● PROVIDED MATERIAL:
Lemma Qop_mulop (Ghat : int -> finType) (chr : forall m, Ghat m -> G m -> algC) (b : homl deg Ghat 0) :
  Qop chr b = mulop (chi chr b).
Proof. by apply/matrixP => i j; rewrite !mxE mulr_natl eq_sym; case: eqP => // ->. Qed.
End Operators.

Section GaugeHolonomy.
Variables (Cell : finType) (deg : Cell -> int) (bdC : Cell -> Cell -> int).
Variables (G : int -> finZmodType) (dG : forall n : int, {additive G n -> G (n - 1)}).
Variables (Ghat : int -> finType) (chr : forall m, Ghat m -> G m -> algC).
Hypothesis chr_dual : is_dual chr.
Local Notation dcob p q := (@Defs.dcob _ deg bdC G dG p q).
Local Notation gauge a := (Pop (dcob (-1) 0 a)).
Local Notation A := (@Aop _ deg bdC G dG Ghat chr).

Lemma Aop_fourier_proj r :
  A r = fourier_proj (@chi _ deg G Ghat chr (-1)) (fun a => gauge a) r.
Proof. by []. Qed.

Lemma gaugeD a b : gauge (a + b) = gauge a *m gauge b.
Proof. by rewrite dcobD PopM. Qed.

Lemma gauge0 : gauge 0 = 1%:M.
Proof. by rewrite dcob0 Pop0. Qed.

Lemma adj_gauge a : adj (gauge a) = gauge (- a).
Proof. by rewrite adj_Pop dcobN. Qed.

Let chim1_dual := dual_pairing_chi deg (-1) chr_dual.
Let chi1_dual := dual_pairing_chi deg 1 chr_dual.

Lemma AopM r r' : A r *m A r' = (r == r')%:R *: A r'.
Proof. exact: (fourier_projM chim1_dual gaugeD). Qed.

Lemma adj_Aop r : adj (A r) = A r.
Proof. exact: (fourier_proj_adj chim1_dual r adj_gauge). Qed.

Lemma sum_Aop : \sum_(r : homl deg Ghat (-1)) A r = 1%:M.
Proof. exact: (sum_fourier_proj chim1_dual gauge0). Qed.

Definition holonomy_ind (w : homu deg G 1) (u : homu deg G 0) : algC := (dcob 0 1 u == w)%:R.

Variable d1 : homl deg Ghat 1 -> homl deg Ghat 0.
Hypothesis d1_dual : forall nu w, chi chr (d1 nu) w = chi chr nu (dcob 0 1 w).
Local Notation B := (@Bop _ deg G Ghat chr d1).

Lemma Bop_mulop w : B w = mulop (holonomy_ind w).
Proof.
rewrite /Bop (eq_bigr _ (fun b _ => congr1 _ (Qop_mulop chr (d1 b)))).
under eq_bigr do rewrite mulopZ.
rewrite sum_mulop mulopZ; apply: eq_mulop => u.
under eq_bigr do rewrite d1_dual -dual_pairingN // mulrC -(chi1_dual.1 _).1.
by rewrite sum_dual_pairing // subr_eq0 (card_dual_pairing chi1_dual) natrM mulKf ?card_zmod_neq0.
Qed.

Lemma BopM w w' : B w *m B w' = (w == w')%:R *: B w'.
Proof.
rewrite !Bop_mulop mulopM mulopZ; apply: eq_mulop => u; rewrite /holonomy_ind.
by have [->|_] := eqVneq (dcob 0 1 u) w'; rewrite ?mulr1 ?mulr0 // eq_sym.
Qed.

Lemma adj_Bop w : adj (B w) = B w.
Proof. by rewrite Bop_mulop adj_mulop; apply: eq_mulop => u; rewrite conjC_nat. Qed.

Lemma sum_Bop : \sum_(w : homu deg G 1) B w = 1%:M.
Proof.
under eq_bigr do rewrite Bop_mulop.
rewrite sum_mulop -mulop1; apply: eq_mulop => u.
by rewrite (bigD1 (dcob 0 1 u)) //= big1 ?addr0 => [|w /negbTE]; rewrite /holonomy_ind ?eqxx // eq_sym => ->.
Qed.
==
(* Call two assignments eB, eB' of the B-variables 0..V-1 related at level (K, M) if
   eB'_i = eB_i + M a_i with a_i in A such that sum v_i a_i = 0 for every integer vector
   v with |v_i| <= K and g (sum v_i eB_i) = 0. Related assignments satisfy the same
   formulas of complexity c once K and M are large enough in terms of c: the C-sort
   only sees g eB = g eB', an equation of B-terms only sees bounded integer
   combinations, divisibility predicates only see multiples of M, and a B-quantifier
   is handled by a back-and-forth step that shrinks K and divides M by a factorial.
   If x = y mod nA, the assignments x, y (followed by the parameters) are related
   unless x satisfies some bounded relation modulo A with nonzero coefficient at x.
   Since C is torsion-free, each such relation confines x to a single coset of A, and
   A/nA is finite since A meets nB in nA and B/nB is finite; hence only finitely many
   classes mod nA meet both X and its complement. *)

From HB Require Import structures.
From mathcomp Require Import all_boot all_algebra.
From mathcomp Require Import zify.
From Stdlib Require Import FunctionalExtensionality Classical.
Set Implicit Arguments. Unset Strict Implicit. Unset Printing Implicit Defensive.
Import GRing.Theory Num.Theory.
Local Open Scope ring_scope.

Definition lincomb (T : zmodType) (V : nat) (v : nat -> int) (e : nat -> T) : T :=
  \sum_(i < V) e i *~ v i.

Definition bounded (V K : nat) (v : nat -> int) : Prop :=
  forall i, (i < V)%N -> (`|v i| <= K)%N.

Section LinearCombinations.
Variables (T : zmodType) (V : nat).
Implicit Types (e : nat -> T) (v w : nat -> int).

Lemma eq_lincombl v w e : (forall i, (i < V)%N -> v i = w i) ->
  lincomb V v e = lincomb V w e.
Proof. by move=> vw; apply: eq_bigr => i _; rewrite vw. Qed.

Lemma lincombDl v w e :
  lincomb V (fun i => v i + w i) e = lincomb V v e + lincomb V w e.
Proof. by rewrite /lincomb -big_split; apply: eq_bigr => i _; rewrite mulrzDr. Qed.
* * *
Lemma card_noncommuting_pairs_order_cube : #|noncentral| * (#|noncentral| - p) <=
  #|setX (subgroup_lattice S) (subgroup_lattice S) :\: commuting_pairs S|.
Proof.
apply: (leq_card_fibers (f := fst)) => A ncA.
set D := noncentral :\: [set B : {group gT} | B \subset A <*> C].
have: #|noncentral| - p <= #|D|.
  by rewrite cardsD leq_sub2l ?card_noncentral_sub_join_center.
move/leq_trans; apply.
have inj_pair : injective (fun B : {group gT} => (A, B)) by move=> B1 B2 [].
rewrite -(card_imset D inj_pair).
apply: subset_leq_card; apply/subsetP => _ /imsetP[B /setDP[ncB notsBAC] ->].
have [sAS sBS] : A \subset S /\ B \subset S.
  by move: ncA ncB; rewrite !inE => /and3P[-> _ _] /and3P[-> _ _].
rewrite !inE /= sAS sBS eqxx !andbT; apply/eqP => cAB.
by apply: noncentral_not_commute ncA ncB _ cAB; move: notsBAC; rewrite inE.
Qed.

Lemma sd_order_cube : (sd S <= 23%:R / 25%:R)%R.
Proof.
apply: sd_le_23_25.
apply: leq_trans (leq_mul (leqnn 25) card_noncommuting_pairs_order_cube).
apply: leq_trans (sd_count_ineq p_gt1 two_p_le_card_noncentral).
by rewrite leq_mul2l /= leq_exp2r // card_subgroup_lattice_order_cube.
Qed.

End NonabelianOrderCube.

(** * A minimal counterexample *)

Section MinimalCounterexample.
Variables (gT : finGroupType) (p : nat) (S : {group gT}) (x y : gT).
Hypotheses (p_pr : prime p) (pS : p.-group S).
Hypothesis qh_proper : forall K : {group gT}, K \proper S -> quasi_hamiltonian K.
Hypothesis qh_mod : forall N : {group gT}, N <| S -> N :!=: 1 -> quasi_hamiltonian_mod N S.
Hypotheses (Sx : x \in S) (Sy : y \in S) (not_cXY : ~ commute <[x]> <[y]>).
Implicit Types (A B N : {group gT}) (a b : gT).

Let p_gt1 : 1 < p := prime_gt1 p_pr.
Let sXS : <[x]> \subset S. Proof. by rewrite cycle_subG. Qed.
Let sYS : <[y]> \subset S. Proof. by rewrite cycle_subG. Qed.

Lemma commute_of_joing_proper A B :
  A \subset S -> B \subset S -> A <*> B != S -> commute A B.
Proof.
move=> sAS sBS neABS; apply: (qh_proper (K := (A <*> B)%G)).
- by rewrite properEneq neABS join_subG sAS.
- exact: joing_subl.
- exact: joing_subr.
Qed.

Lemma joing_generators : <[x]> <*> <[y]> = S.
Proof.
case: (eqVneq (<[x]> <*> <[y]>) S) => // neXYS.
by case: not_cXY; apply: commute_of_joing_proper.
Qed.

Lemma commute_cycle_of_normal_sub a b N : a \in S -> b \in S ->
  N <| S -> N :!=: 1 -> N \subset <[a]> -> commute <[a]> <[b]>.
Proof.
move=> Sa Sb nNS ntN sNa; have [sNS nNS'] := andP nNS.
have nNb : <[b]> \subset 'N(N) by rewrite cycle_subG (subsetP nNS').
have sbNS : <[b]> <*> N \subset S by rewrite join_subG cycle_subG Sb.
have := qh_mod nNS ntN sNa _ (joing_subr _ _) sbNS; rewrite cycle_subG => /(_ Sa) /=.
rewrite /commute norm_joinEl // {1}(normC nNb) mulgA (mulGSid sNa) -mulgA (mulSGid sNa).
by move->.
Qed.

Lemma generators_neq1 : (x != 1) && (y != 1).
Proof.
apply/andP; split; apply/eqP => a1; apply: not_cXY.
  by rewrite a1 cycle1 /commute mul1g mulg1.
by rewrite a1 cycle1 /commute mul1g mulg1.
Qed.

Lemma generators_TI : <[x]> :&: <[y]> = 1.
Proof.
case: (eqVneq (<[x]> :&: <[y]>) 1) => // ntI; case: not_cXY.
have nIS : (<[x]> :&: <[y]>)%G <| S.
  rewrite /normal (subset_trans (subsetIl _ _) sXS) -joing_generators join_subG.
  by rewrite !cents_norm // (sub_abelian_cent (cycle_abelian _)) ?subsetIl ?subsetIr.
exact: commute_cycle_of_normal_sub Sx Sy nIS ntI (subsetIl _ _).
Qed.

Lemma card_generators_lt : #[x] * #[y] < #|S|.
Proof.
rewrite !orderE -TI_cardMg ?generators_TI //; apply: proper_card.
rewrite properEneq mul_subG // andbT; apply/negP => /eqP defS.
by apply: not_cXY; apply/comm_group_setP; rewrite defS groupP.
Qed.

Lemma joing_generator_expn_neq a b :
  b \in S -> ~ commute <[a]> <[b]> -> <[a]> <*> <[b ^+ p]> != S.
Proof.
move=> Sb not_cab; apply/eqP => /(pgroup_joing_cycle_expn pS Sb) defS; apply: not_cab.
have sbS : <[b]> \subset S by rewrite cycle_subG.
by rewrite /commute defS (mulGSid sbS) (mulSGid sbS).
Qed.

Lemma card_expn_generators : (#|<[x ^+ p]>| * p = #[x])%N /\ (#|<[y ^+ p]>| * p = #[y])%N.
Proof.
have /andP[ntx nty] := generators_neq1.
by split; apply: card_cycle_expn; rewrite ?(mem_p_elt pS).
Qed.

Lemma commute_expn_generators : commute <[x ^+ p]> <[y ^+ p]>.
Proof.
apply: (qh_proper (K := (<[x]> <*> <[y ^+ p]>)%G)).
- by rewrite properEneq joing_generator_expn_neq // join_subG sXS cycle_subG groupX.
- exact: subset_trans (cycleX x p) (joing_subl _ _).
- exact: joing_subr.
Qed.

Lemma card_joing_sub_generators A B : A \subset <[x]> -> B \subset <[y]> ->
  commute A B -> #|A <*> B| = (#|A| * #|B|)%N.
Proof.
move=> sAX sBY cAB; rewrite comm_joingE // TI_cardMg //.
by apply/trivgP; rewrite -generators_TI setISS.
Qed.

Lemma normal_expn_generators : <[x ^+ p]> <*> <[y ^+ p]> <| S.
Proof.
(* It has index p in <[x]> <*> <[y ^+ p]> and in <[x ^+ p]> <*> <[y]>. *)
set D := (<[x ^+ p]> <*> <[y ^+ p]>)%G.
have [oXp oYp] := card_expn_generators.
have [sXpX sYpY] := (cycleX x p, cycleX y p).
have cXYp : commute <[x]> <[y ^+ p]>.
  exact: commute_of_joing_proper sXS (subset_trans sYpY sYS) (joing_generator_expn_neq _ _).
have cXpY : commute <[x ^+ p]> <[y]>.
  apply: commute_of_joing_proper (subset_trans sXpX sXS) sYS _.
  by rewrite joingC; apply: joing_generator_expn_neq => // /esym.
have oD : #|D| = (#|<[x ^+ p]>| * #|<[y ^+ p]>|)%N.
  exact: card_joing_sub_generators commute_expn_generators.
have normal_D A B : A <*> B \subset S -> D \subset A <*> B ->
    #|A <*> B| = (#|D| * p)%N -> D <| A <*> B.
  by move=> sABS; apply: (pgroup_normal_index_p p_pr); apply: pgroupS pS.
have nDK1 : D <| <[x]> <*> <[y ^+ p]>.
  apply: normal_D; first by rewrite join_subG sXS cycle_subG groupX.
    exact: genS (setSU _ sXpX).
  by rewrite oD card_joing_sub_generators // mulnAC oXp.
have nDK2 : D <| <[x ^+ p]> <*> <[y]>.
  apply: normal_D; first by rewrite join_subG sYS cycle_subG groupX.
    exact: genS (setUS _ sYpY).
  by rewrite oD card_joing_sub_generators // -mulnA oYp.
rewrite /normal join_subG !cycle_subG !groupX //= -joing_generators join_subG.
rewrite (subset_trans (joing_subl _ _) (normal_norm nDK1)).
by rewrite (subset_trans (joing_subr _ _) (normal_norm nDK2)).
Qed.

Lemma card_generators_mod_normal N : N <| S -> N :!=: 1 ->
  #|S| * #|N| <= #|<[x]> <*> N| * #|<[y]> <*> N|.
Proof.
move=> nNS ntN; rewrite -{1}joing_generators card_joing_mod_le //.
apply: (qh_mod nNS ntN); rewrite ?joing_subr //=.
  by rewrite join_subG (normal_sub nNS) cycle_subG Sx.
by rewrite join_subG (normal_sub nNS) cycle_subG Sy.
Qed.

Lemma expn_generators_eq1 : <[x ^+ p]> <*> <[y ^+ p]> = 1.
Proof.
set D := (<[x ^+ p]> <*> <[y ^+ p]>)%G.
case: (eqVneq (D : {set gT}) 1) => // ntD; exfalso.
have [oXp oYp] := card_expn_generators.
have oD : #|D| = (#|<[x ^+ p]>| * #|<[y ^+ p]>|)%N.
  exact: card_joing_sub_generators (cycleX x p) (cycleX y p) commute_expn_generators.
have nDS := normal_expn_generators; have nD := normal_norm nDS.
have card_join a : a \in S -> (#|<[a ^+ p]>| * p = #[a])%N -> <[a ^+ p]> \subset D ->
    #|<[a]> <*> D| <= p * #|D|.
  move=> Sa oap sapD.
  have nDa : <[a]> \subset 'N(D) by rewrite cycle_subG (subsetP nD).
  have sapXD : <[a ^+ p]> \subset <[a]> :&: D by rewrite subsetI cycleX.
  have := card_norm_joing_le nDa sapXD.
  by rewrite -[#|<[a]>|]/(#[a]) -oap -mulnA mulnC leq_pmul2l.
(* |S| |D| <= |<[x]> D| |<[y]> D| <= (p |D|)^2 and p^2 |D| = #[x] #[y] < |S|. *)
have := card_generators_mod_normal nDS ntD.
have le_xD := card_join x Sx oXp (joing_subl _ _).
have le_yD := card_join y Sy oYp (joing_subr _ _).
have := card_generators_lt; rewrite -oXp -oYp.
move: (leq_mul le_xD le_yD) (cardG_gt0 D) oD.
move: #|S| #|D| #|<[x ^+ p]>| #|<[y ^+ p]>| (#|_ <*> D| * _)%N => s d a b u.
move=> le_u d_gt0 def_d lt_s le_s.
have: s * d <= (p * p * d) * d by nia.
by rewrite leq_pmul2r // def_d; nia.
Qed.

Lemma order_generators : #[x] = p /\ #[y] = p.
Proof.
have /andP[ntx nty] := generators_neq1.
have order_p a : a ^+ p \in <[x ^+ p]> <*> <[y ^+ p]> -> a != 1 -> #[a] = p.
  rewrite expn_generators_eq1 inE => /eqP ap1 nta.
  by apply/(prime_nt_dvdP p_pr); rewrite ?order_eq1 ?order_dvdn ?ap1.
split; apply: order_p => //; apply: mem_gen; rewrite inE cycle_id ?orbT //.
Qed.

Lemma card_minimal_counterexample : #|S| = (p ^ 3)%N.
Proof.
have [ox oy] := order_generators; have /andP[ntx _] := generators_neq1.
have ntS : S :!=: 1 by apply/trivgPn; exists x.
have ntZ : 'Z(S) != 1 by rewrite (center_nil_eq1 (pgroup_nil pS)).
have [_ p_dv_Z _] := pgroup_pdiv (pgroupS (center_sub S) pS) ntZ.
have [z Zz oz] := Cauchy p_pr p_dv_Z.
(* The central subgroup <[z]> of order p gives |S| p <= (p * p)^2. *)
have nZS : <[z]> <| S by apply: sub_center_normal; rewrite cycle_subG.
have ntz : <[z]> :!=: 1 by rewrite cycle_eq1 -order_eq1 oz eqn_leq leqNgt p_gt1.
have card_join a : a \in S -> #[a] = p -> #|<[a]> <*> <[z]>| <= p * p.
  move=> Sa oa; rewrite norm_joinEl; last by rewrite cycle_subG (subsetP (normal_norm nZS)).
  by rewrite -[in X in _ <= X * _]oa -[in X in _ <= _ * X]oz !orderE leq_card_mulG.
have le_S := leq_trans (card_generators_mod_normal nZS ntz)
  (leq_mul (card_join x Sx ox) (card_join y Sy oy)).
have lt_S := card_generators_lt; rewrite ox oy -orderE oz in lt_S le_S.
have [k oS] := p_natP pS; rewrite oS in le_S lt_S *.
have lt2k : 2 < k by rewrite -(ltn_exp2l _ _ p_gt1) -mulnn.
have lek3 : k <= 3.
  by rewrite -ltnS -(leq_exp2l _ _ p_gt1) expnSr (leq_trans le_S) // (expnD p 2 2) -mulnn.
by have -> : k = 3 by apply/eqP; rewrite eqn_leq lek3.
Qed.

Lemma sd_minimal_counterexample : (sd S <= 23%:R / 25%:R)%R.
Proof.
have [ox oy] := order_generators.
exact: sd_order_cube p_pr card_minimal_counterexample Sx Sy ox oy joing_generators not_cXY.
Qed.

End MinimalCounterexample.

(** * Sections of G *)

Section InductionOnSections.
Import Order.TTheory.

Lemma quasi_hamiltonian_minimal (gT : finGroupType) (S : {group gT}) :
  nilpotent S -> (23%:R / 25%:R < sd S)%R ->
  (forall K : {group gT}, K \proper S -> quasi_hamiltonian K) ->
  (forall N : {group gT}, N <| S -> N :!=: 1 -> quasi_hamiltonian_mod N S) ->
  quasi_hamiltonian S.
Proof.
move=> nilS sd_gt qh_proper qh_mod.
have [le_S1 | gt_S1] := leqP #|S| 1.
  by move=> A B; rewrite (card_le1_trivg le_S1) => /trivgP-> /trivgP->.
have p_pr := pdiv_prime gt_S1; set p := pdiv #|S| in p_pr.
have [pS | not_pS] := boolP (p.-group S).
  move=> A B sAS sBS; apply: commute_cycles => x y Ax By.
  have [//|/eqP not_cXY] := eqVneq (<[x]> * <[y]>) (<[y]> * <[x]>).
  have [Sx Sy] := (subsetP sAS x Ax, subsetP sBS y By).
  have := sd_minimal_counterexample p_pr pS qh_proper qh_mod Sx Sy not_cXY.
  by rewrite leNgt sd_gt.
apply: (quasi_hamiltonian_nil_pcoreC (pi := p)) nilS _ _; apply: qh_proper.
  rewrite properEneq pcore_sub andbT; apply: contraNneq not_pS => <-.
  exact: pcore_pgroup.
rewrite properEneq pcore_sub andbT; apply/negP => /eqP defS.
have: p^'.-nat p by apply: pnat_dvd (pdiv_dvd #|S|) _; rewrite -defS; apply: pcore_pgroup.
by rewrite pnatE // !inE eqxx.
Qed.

● PROBLEM DETAILS: Pull out every line above that holds the word "finGroupType".

● FINISHED TASK:
Variables (gT : finGroupType) (p : nat) (S : {group gT}) (x y : gT).
Lemma quasi_hamiltonian_minimal (gT : finGroupType) (S : {group gT}) :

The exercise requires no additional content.